Input data.
- - -

(* Let $A$ be an HSD model, and let $\mathbf{E}(A)$ carry its canonical Euclidean Jordan algebra structure. Then: (a) every extremal unital outcome $x\in X(A)$ is a primitive idempotent; (b) if $A$ is uniform, then every unital outcome is extremal, hence a primitive idempotent; (c) if $A$ is both unital and uniform, it is a Jordan model.
   Context: A probabilistic model $A$ (finite-dimensional, state-complete, outcome-closed) has a test space $(X(A),\mathcal{M}(A))$ (tests are sets of outcomes covering $X(A)$) and a closed convex set $\Omega(A)$ of states, each a probability weight summing to $1$ on every test. Each outcome $x$ is identified with its evaluation functional $\hat x\in\mathbf{E}(A)$, where $\mathbf{E}(A)$ is the span of these functionals, ordered by the closed cone $\mathbf{E}(A)_+$ generated by them, with order unit $u=\sum_{x\in E}x$ for any test $E$. $A$ is HSD if the cone $\mathbf{E}(A)_+$ is homogeneous (its order-automorphism group acts transitively on its interior) and self-dual with respect to some inner product. For such $A$, $\mathbf{E}(A)$ carries a canonical Euclidean Jordan algebra product $\bullet$ with identity $u$, whose cone of squares is $\mathbf{E}(A)_+$, and whose trace inner product $\langle a,b\rangle=\mathrm{Tr}(a\bullet b)$ is self-dualizing with $\langle a,u\rangle=\mathrm{Tr}(a)$; states are identified with elements of $\mathbf{E}(A)_+$ via this inner product. An idempotent is $e\in\mathbf{E}(A)_+$ with $e\bullet e=e$; it is primitive if it is non-zero and not a sum of other non-zero idempotents. An outcome $x$ is extremal if it generates an extremal ray of $\mathbf{E}(A)_+$, and unital if some state $\alpha\in\Omega(A)$ has $\alpha(x)=1$. $A$ is unital if all its outcomes are unital. $A$ is uniform if all its tests have the same cardinality $n$ and the probability weight $\mu(x)\equiv1/n$ belongs to $\Omega(A)$. A Jordan model is an HSD model in which every outcome in $X(A)$ is a primitive idempotent of $\mathbf{E}(A)$. *)

(* A finite-dimensional probabilistic model is encoded
   concretely: E(A) is identified with 'rV[R]_d (via a basis), outcomes are
   sent to their evaluation functionals  hat x : 'rV_d  (which span E(A)),
   and states are encoded as vectors  a : 'rV_d  of the dual space
   V(A) = E(A)^* (paired with E(A) by the standard dot product), so that the
   probability weight of the state a is  x |-> dotv a (hat x). *)
From HB Require Import structures.
From mathcomp Require Import all_boot all_order all_algebra.
From mathcomp Require Import reals.
Set Implicit Arguments.
Unset Strict Implicit.
Unset Printing Implicit Defensive.
Import Order.TTheory GRing.Theory Num.Theory.
Local Open Scope ring_scope.

Section Defs.
Variables (R : realType) (d : nat).
Notation vec := 'rV[R]_d.

Definition dotv (a b : vec) : R := \sum_(i < d) a 0 i * b 0 i.

Definition near_vec (e : R) (v w : vec) : Prop :=
  forall i : 'I_d, `|v 0 i - w 0 i| < e.

Definition closed_vec (S : vec -> Prop) : Prop :=
  forall v, (forall e, 0 < e -> exists w, S w /\ near_vec e v w) -> S v.

Definition interior_vec (S : vec -> Prop) (v : vec) : Prop :=
  exists2 e, 0 < e & forall w, near_vec e v w -> S w.

Definition convex_vec (S : vec -> Prop) : Prop :=
  forall a b t, S a -> S b -> 0 <= t <= 1 -> S (t *: a + (1 - t) *: b).

Definition span_vec (S : vec -> Prop) (v : vec) : Prop :=
  exists k (c : 'I_k -> R) (s : 'I_k -> vec),
    (forall i, S (s i)) /\ v = \sum_(i < k) c i *: s i.

Definition cone_hull (S : vec -> Prop) (v : vec) : Prop :=
  exists k (c : 'I_k -> R) (s : 'I_k -> vec),
    (forall i, 0 <= c i /\ S (s i)) /\ v = \sum_(i < k) c i *: s i.

Definition closure_vec (S : vec -> Prop) (v : vec) : Prop :=
  forall e, 0 < e -> exists w, S w /\ near_vec e v w.

Section Model.
Variables (X : eqType) (M : (seq X) -> Prop) (hat : X -> vec) (Om : vec -> Prop).

Definition pr (a : vec) (x : X) : R := dotv a (hat x).

Definition Epos : vec -> Prop := closure_vec (cone_hull (fun v => exists x, v = hat x)).

Definition is_unit (u : vec) : Prop :=
  forall E, M E -> u = \sum_(x <- E) hat x.

(* A finite-dimensional, state-complete, outcome-closed probabilistic model
   with order unit u (tests are finite sets, given as duplicate-free lists). *)
Definition prob_model (u : vec) : Prop :=
  (forall E, M E -> uniq E) /\
  (forall x, exists2 E, M E & x \in E) /\
      (forall a, Om a -> (forall x, 0 <= pr a x) /\
                         (forall E, M E -> \sum_(x <- E) pr a x = 1)) /\
  convex_vec Om /\ closed_vec Om /\
      (forall v, span_vec (fun w => exists x, w = hat x) v) /\
      (forall v, span_vec Om v) /\
  is_unit u /\
      (forall a, Om a <-> ((forall e, Epos e -> 0 <= dotv a e) /\ dotv a u = 1)) /\
  closed_vec (fun v => exists x, v = hat x).

Definition order_aut (A : 'M[R]_d) : Prop :=
  A \in unitmx /\ (forall v, Epos (v *m A) <-> Epos v).

Definition homogeneous : Prop :=
  forall a b, interior_vec Epos a -> interior_vec Epos b ->
    exists2 A, order_aut A & a *m A = b.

- - -

Work item. Where does the word "Euclidean" occur in the records? Return every line that holds it.

Task solution.
(* Let $A$ be an HSD model, and let $\mathbf{E}(A)$ carry its canonical Euclidean Jordan algebra structure. Then: (a) every extremal unital outcome $x\in X(A)$ is a primitive idempotent; (b) if $A$ is uniform, then every unital outcome is extremal, hence a primitive idempotent; (c) if $A$ is both unital and uniform, it is a Jordan model.
   Context: A probabilistic model $A$ (finite-dimensional, state-complete, outcome-closed) has a test space $(X(A),\mathcal{M}(A))$ (tests are sets of outcomes covering $X(A)$) and a closed convex set $\Omega(A)$ of states, each a probability weight summing to $1$ on every test. Each outcome $x$ is identified with its evaluation functional $\hat x\in\mathbf{E}(A)$, where $\mathbf{E}(A)$ is the span of these functionals, ordered by the closed cone $\mathbf{E}(A)_+$ generated by them, with order unit $u=\sum_{x\in E}x$ for any test $E$. $A$ is HSD if the cone $\mathbf{E}(A)_+$ is homogeneous (its order-automorphism group acts transitively on its interior) and self-dual with respect to some inner product. For such $A$, $\mathbf{E}(A)$ carries a canonical Euclidean Jordan algebra product $\bullet$ with identity $u$, whose cone of squares is $\mathbf{E}(A)_+$, and whose trace inner product $\langle a,b\rangle=\mathrm{Tr}(a\bullet b)$ is self-dualizing with $\langle a,u\rangle=\mathrm{Tr}(a)$; states are identified with elements of $\mathbf{E}(A)_+$ via this inner product. An idempotent is $e\in\mathbf{E}(A)_+$ with $e\bullet e=e$; it is primitive if it is non-zero and not a sum of other non-zero idempotents. An outcome $x$ is extremal if it generates an extremal ray of $\mathbf{E}(A)_+$, and unital if some state $\alpha\in\Omega(A)$ has $\alpha(x)=1$. $A$ is unital if all its outcomes are unital. $A$ is uniform if all its tests have the same cardinality $n$ and the probability weight $\mu(x)\equiv1/n$ belongs to $\Omega(A)$. A Jordan model is an HSD model in which every outcome in $X(A)$ is a primitive idempotent of $\mathbf{E}(A)$. *)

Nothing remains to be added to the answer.